• **TRY IT**
Restate the records in full, keeping every word as it is.
"""
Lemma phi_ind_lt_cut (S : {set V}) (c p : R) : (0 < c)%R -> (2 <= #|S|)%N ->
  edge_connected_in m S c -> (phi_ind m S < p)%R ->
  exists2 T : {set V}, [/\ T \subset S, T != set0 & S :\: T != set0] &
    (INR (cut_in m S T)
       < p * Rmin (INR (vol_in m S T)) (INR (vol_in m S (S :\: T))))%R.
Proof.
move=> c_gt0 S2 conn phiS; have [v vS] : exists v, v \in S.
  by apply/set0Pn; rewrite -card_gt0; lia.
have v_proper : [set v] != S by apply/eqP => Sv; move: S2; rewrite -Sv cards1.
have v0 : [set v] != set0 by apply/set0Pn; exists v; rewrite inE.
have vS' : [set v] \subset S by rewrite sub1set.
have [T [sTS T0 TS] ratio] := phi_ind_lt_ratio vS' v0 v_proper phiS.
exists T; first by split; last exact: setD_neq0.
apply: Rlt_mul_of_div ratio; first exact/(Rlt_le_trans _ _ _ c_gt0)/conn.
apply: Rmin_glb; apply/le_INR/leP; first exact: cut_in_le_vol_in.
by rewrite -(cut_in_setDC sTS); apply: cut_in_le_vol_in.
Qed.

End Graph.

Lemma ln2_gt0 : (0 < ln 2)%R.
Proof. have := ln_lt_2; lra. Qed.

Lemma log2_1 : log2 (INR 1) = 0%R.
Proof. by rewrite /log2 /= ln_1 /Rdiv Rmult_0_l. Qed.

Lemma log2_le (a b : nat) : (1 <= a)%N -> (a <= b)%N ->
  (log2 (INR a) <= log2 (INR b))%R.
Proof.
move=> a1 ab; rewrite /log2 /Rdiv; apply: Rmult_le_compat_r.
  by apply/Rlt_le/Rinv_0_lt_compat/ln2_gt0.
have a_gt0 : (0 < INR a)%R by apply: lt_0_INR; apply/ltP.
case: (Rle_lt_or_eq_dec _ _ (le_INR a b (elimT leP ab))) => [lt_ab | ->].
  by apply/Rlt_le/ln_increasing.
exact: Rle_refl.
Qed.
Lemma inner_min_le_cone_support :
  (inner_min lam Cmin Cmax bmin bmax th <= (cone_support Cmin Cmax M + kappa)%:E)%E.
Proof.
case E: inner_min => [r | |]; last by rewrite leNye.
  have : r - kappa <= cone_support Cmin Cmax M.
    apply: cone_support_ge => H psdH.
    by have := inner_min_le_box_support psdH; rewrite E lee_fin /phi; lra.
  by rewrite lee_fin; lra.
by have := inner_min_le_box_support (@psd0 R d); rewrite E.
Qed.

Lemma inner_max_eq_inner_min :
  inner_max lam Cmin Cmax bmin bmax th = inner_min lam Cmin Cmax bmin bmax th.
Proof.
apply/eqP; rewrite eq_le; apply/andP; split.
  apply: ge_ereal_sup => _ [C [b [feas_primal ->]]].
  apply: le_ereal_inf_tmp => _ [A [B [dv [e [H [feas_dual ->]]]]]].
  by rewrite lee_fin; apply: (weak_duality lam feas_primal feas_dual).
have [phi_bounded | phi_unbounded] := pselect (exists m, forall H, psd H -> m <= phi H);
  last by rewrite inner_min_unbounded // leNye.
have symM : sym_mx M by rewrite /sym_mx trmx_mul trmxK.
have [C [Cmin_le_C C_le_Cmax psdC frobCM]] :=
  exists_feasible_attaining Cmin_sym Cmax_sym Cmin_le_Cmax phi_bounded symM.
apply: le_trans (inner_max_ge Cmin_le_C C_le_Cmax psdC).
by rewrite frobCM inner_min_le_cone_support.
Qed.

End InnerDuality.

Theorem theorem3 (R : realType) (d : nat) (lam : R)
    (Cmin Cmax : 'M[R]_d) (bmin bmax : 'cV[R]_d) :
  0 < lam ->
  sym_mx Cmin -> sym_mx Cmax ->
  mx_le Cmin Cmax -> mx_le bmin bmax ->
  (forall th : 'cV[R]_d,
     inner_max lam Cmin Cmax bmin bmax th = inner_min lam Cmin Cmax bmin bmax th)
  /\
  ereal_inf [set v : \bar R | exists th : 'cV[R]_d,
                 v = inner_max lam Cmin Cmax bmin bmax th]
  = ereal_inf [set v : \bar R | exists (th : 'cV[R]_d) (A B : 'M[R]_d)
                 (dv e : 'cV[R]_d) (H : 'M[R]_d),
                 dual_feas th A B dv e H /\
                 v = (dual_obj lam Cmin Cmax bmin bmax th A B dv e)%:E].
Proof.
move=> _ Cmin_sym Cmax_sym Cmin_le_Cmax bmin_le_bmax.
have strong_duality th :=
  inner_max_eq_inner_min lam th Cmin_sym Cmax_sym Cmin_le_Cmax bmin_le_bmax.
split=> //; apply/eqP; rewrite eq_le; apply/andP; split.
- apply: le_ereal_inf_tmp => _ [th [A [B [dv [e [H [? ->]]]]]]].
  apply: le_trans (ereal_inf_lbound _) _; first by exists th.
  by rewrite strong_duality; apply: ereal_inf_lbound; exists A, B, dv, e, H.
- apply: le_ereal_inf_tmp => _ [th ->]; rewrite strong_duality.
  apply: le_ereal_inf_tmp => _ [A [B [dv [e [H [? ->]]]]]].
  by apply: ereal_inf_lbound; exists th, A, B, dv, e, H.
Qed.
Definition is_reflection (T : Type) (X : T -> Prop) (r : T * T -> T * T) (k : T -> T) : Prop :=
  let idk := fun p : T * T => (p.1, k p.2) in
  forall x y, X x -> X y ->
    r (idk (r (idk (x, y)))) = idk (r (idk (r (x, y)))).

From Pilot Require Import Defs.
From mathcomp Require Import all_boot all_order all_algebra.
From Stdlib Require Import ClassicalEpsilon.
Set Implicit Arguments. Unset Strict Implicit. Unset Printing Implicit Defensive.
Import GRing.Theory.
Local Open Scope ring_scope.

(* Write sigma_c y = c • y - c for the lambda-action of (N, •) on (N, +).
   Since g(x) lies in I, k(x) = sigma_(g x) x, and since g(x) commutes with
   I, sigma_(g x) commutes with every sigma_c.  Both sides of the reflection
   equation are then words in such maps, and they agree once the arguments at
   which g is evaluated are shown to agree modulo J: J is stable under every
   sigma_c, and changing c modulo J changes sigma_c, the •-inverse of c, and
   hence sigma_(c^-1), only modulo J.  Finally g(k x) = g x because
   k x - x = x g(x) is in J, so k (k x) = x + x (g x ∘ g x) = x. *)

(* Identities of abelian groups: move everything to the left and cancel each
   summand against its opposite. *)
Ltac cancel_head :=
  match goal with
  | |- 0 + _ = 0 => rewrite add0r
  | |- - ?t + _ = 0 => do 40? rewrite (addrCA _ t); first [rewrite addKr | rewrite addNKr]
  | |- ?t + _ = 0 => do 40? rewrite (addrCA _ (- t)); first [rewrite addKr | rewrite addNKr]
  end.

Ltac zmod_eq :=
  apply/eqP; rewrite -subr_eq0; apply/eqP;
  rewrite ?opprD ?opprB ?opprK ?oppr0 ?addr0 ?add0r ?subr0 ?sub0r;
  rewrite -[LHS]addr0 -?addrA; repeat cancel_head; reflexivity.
"""
• **TASK ANSWER**
Lemma phi_ind_lt_cut (S : {set V}) (c p : R) : (0 < c)%R -> (2 <= #|S|)%N ->
  edge_connected_in m S c -> (phi_ind m S < p)%R ->
  exists2 T : {set V}, [/\ T \subset S, T != set0 & S :\: T != set0] &
    (INR (cut_in m S T)
       < p * Rmin (INR (vol_in m S T)) (INR (vol_in m S (S :\: T))))%R.
Proof.
move=> c_gt0 S2 conn phiS; have [v vS] : exists v, v \in S.
  by apply/set0Pn; rewrite -card_gt0; lia.
have v_proper : [set v] != S by apply/eqP => Sv; move: S2; rewrite -Sv cards1.
have v0 : [set v] != set0 by apply/set0Pn; exists v; rewrite inE.
have vS' : [set v] \subset S by rewrite sub1set.
have [T [sTS T0 TS] ratio] := phi_ind_lt_ratio vS' v0 v_proper phiS.
exists T; first by split; last exact: setD_neq0.
apply: Rlt_mul_of_div ratio; first exact/(Rlt_le_trans _ _ _ c_gt0)/conn.
apply: Rmin_glb; apply/le_INR/leP; first exact: cut_in_le_vol_in.
by rewrite -(cut_in_setDC sTS); apply: cut_in_le_vol_in.
Qed.

End Graph.

Lemma ln2_gt0 : (0 < ln 2)%R.
Proof. have := ln_lt_2; lra. Qed.

Lemma log2_1 : log2 (INR 1) = 0%R.
Proof. by rewrite /log2 /= ln_1 /Rdiv Rmult_0_l. Qed.

Lemma log2_le (a b : nat) : (1 <= a)%N -> (a <= b)%N ->
  (log2 (INR a) <= log2 (INR b))%R.
Proof.
move=> a1 ab; rewrite /log2 /Rdiv; apply: Rmult_le_compat_r.
  by apply/Rlt_le/Rinv_0_lt_compat/ln2_gt0.
have a_gt0 : (0 < INR a)%R by apply: lt_0_INR; apply/ltP.
case: (Rle_lt_or_eq_dec _ _ (le_INR a b (elimT leP ab))) => [lt_ab | ->].
  by apply/Rlt_le/ln_increasing.
exact: Rle_refl.
Qed.
Lemma inner_min_le_cone_support :
  (inner_min lam Cmin Cmax bmin bmax th <= (cone_support Cmin Cmax M + kappa)%:E)%E.
Proof.
case E: inner_min => [r | |]; last by rewrite leNye.
  have : r - kappa <= cone_support Cmin Cmax M.
    apply: cone_support_ge => H psdH.
    by have := inner_min_le_box_support psdH; rewrite E lee_fin /phi; lra.
  by rewrite lee_fin; lra.
by have := inner_min_le_box_support (@psd0 R d); rewrite E.
Qed.

Lemma inner_max_eq_inner_min :
  inner_max lam Cmin Cmax bmin bmax th = inner_min lam Cmin Cmax bmin bmax th.
Proof.
apply/eqP; rewrite eq_le; apply/andP; split.
  apply: ge_ereal_sup => _ [C [b [feas_primal ->]]].
  apply: le_ereal_inf_tmp => _ [A [B [dv [e [H [feas_dual ->]]]]]].
  by rewrite lee_fin; apply: (weak_duality lam feas_primal feas_dual).
have [phi_bounded | phi_unbounded] := pselect (exists m, forall H, psd H -> m <= phi H);
  last by rewrite inner_min_unbounded // leNye.
have symM : sym_mx M by rewrite /sym_mx trmx_mul trmxK.
have [C [Cmin_le_C C_le_Cmax psdC frobCM]] :=
  exists_feasible_attaining Cmin_sym Cmax_sym Cmin_le_Cmax phi_bounded symM.
apply: le_trans (inner_max_ge Cmin_le_C C_le_Cmax psdC).
by rewrite frobCM inner_min_le_cone_support.
Qed.

End InnerDuality.

Theorem theorem3 (R : realType) (d : nat) (lam : R)
    (Cmin Cmax : 'M[R]_d) (bmin bmax : 'cV[R]_d) :
  0 < lam ->
  sym_mx Cmin -> sym_mx Cmax ->
  mx_le Cmin Cmax -> mx_le bmin bmax ->
  (forall th : 'cV[R]_d,
     inner_max lam Cmin Cmax bmin bmax th = inner_min lam Cmin Cmax bmin bmax th)
  /\
  ereal_inf [set v : \bar R | exists th : 'cV[R]_d,
                 v = inner_max lam Cmin Cmax bmin bmax th]
  = ereal_inf [set v : \bar R | exists (th : 'cV[R]_d) (A B : 'M[R]_d)
                 (dv e : 'cV[R]_d) (H : 'M[R]_d),
                 dual_feas th A B dv e H /\
                 v = (dual_obj lam Cmin Cmax bmin bmax th A B dv e)%:E].
Proof.
move=> _ Cmin_sym Cmax_sym Cmin_le_Cmax bmin_le_bmax.
have strong_duality th :=
  inner_max_eq_inner_min lam th Cmin_sym Cmax_sym Cmin_le_Cmax bmin_le_bmax.
split=> //; apply/eqP; rewrite eq_le; apply/andP; split.
- apply: le_ereal_inf_tmp => _ [th [A [B [dv [e [H [? ->]]]]]]].
  apply: le_trans (ereal_inf_lbound _) _; first by exists th.
  by rewrite strong_duality; apply: ereal_inf_lbound; exists A, B, dv, e, H.
- apply: le_ereal_inf_tmp => _ [th ->]; rewrite strong_duality.
  apply: le_ereal_inf_tmp => _ [A [B [dv [e [H [? ->]]]]]].
  by apply: ereal_inf_lbound; exists th, A, B, dv, e, H.
Qed.
Definition is_reflection (T : Type) (X : T -> Prop) (r : T * T -> T * T) (k : T -> T) : Prop :=
  let idk := fun p : T * T => (p.1, k p.2) in
  forall x y, X x -> X y ->
    r (idk (r (idk (x, y)))) = idk (r (idk (r (x, y)))).

From Pilot Require Import Defs.
From mathcomp Require Import all_boot all_order all_algebra.
From Stdlib Require Import ClassicalEpsilon.
Set Implicit Arguments. Unset Strict Implicit. Unset Printing Implicit Defensive.
Import GRing.Theory.
Local Open Scope ring_scope.

(* Write sigma_c y = c • y - c for the lambda-action of (N, •) on (N, +).
   Since g(x) lies in I, k(x) = sigma_(g x) x, and since g(x) commutes with
   I, sigma_(g x) commutes with every sigma_c.  Both sides of the reflection
   equation are then words in such maps, and they agree once the arguments at
   which g is evaluated are shown to agree modulo J: J is stable under every
   sigma_c, and changing c modulo J changes sigma_c, the •-inverse of c, and
   hence sigma_(c^-1), only modulo J.  Finally g(k x) = g x because
   k x - x = x g(x) is in J, so k (k x) = x + x (g x ∘ g x) = x. *)

(* Identities of abelian groups: move everything to the left and cancel each
   summand against its opposite. *)
Ltac cancel_head :=
  match goal with
  | |- 0 + _ = 0 => rewrite add0r
  | |- - ?t + _ = 0 => do 40? rewrite (addrCA _ t); first [rewrite addKr | rewrite addNKr]
  | |- ?t + _ = 0 => do 40? rewrite (addrCA _ (- t)); first [rewrite addKr | rewrite addNKr]
  end.

Ltac zmod_eq :=
  apply/eqP; rewrite -subr_eq0; apply/eqP;
  rewrite ?opprD ?opprB ?opprK ?oppr0 ?addr0 ?add0r ?subr0 ?sub0r;
  rewrite -[LHS]addr0 -?addrA; repeat cancel_head; reflexivity.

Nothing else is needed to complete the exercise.